• [TO DO]: Set down the lines of the data exactly, starting at the first and stopping after the line containing "apply: filter_imp dth => y dthy.".

Stored items:
Lemma Derive_Derive_comp3_div (f df th G : R -> R) (x : R) :
  (forall y, is_derive f y (df y)) -> (forall y, is_derive df y (- f y)) ->
  locally x (ex_derive th) -> ex_derive (Derive th) x -> ex_derive G x -> G x <> 0 ->
  Derive (fun y => Derive (fun z => f (3 * th z)) y / G y) x =
  (- 9 * Derive th x ^ 2 / G x) * f (3 * th x)
  + (3 * Derive (Derive th) x / G x - 3 * Derive th x * Derive G x / G x ^ 2)
    * df (3 * th x).
Proof.
move=> df_f ddf_f dth d2th dG Gx_neq0.
rewrite (Derive_ext_loc _ (fun y => 3 * Derive th y * df (3 * th y) / G y)); last first.
  apply: filter_imp dth => y dthy.
  by rewrite (is_derive_unique _ _ _ (is_derive_comp3 df_f dthy)).
have d3th : is_derive (fun y => 3 * Derive th y) x (3 * Derive (Derive th) x).
  by auto_derive; [exact: d2th | rewrite Rmult_1_l].
have := is_derive_mult _ _ x _ _ d3th
  (is_derive_comp3 ddf_f (locally_singleton _ _ dth)) Rmult_comm.
move/(is_derive_div _ _ x _ _)/(_ (Derive_correct _ _ dG) Gx_neq0) => dq.
rewrite (is_derive_unique _ _ _ dq) /plus /mult /=.
by field.
Qed.

Section Coflow.
Variables (a b T : Rbar) (h th G : R -> R -> R).
Local Notation space := (in_open_int a b).
Local Notation time := (in_open_int 0 T).
Local Notation psi := (psi_ansatz h th G).

Hypothesis T_pos : Rbar_lt 0 T.
Hypothesis ansatz_pos : forall r t, space r -> time t \/ t = 0 -> 0 < h r t /\ 0 < G r t.
Hypothesis smooth_r : forall r t (n : nat), space r -> time t \/ t = 0 ->
  ex_derive_n (fun s => h s t) n r /\ ex_derive_n (fun s => th s t) n r /\
  ex_derive_n (fun s => G s t) n r.
Hypothesis derivable_t : forall r t, space r -> time t ->
  ex_derive (fun s => h r s) t /\ ex_derive (fun s => th r s) t /\
  ex_derive (fun s => G r s) t.
Hypothesis h_right_cont : forall r, space r ->
  filterlim (fun s => h r s) (at_right 0) (locally (h r 0)).
Hypothesis coclosed : forall r t K, space r -> time t \/ t = 0 -> ext_d psi r t K = 0.
Hypothesis coflow : forall r t K, space r -> time t ->
  Derive (fun s => psi r s K) t = - hodge_lap h G psi r t K.

Lemma h_derive_r_0 r t : space r -> time t \/ t = 0 -> is_derive (fun s => h s t) r 0.
Proof.
move=> r_in t_in; have [h_pos _] := ansatz_pos r_in t_in.
have [dh _] := smooth_r 1 r_in t_in.
apply: (@is_derive_0_of_pow _ 3) => //; first lra.
have := coclosed (idx [:: 0; 1; 2; 3; 4]%N) r_in t_in.
rewrite /ext_d inE (_ : _ :\ _ = idx [:: 1; 2; 3; 4]%N); last by idx_set.
rewrite (Derive_ext _ (fun s => - h s t ^ 4)) => [|s]; last exact: psi_ansatz_1234.
by rewrite Derive_opp => /Ropp_eq_0_compat; rewrite Ropp_involutive.
Qed.

Lemma h_derive_t_0 r t : space r -> time t -> is_derive (fun s => h r s) t 0.
Proof.
move=> r_in t_in; have [h_pos _] := ansatz_pos r_in (or_introl t_in).
have [dh _] := derivable_t r_in t_in.
apply: (@is_derive_0_of_pow _ 3) => //; first lra.
have := coflow (idx [:: 1; 2; 3; 4]%N) r_in t_in.
rewrite hodge_lap_closed; last first.
  apply: filter_imp (in_open_int_locally r_in) => u u_in L.
  by apply: coclosed => //; left.
rewrite /ext_d inE /= Ropp_0.
rewrite (Derive_ext _ (fun s => - h r s ^ 4)) => [|s]; last exact: psi_ansatz_1234.
by rewrite Derive_opp => /Ropp_eq_0_compat; rewrite Ropp_involutive.
Qed.

Lemma h_eq_h0 r t r0 : space r -> time t \/ t = 0 -> space r0 -> h r t = h r0 0.
Proof.
move=> r_in t_in r0_in.
have -> : h r t = h r 0.
  case: t_in => [t_in | -> //]; symmetry.
  apply: (const_at_right T_pos (h_right_cont r_in)) => s s_in.
  by apply: (is_derive_0_const_open_int _ s_in t_in) => z; apply: h_derive_t_0.
apply: (is_derive_0_const_open_int (f := fun s => h s 0) _ r_in r0_in) => u u_in.
by apply: h_derive_r_0 => //; right.
Qed.

Lemma h_const r t r' t' : space r -> time t \/ t = 0 ->
  space r' -> time t' \/ t' = 0 -> h r t = h r' t'.
Proof.
move=> r_in t_in r'_in t'_in.
by rewrite (h_eq_h0 r_in t_in r_in) (h_eq_h0 r'_in t'_in r_in).
Qed.

Lemma codiff_psi_sin u t : space u -> time t ->
  codiff h G psi u t (idx [:: 1; 3; 5]%N) =
  h u t ^ 3 * Derive (fun v => sin (3 * th v t)) u / G u t.
Proof.
move=> u_in t_in; have [h_pos _] := ansatz_pos u_in (or_introl t_in).
rewrite codiff_psi_135; last lra.
rewrite (Derive_ext_loc _ (fun v => h u t ^ 3 * sin (3 * th v t))) ?Derive_scal //.
apply: filter_imp (in_open_int_locally u_in) => v v_in.
have [hv_pos Gv_pos] := ansatz_pos v_in (or_introl t_in).
rewrite hodge_psi_246; try lra.
by rewrite (h_const v_in (or_introl t_in) u_in (or_introl t_in)).
Qed.

Lemma codiff_psi_cos u t : space u -> time t ->
  codiff h G psi u t (idx [:: 1; 3; 6]%N) =
  h u t ^ 3 * Derive (fun v => cos (3 * th v t)) u / G u t.
Proof.
move=> u_in t_in; have [h_pos _] := ansatz_pos u_in (or_introl t_in).
rewrite codiff_psi_136; last lra.
rewrite (Derive_ext_loc _ (fun v => - h u t ^ 3 * cos (3 * th v t))) ?Derive_scal.
  by rewrite /Rdiv; ring.
apply: filter_imp (in_open_int_locally u_in) => v v_in.
have [hv_pos Gv_pos] := ansatz_pos v_in (or_introl t_in).
rewrite hodge_psi_245; try lra.
by rewrite (h_const v_in (or_introl t_in) u_in (or_introl t_in)).
Qed.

• [TASK RESULT]:
Lemma Derive_Derive_comp3_div (f df th G : R -> R) (x : R) :
  (forall y, is_derive f y (df y)) -> (forall y, is_derive df y (- f y)) ->
  locally x (ex_derive th) -> ex_derive (Derive th) x -> ex_derive G x -> G x <> 0 ->
  Derive (fun y => Derive (fun z => f (3 * th z)) y / G y) x =
  (- 9 * Derive th x ^ 2 / G x) * f (3 * th x)
  + (3 * Derive (Derive th) x / G x - 3 * Derive th x * Derive G x / G x ^ 2)
    * df (3 * th x).
Proof.
move=> df_f ddf_f dth d2th dG Gx_neq0.
rewrite (Derive_ext_loc _ (fun y => 3 * Derive th y * df (3 * th y) / G y)); last first.
  apply: filter_imp dth => y dthy.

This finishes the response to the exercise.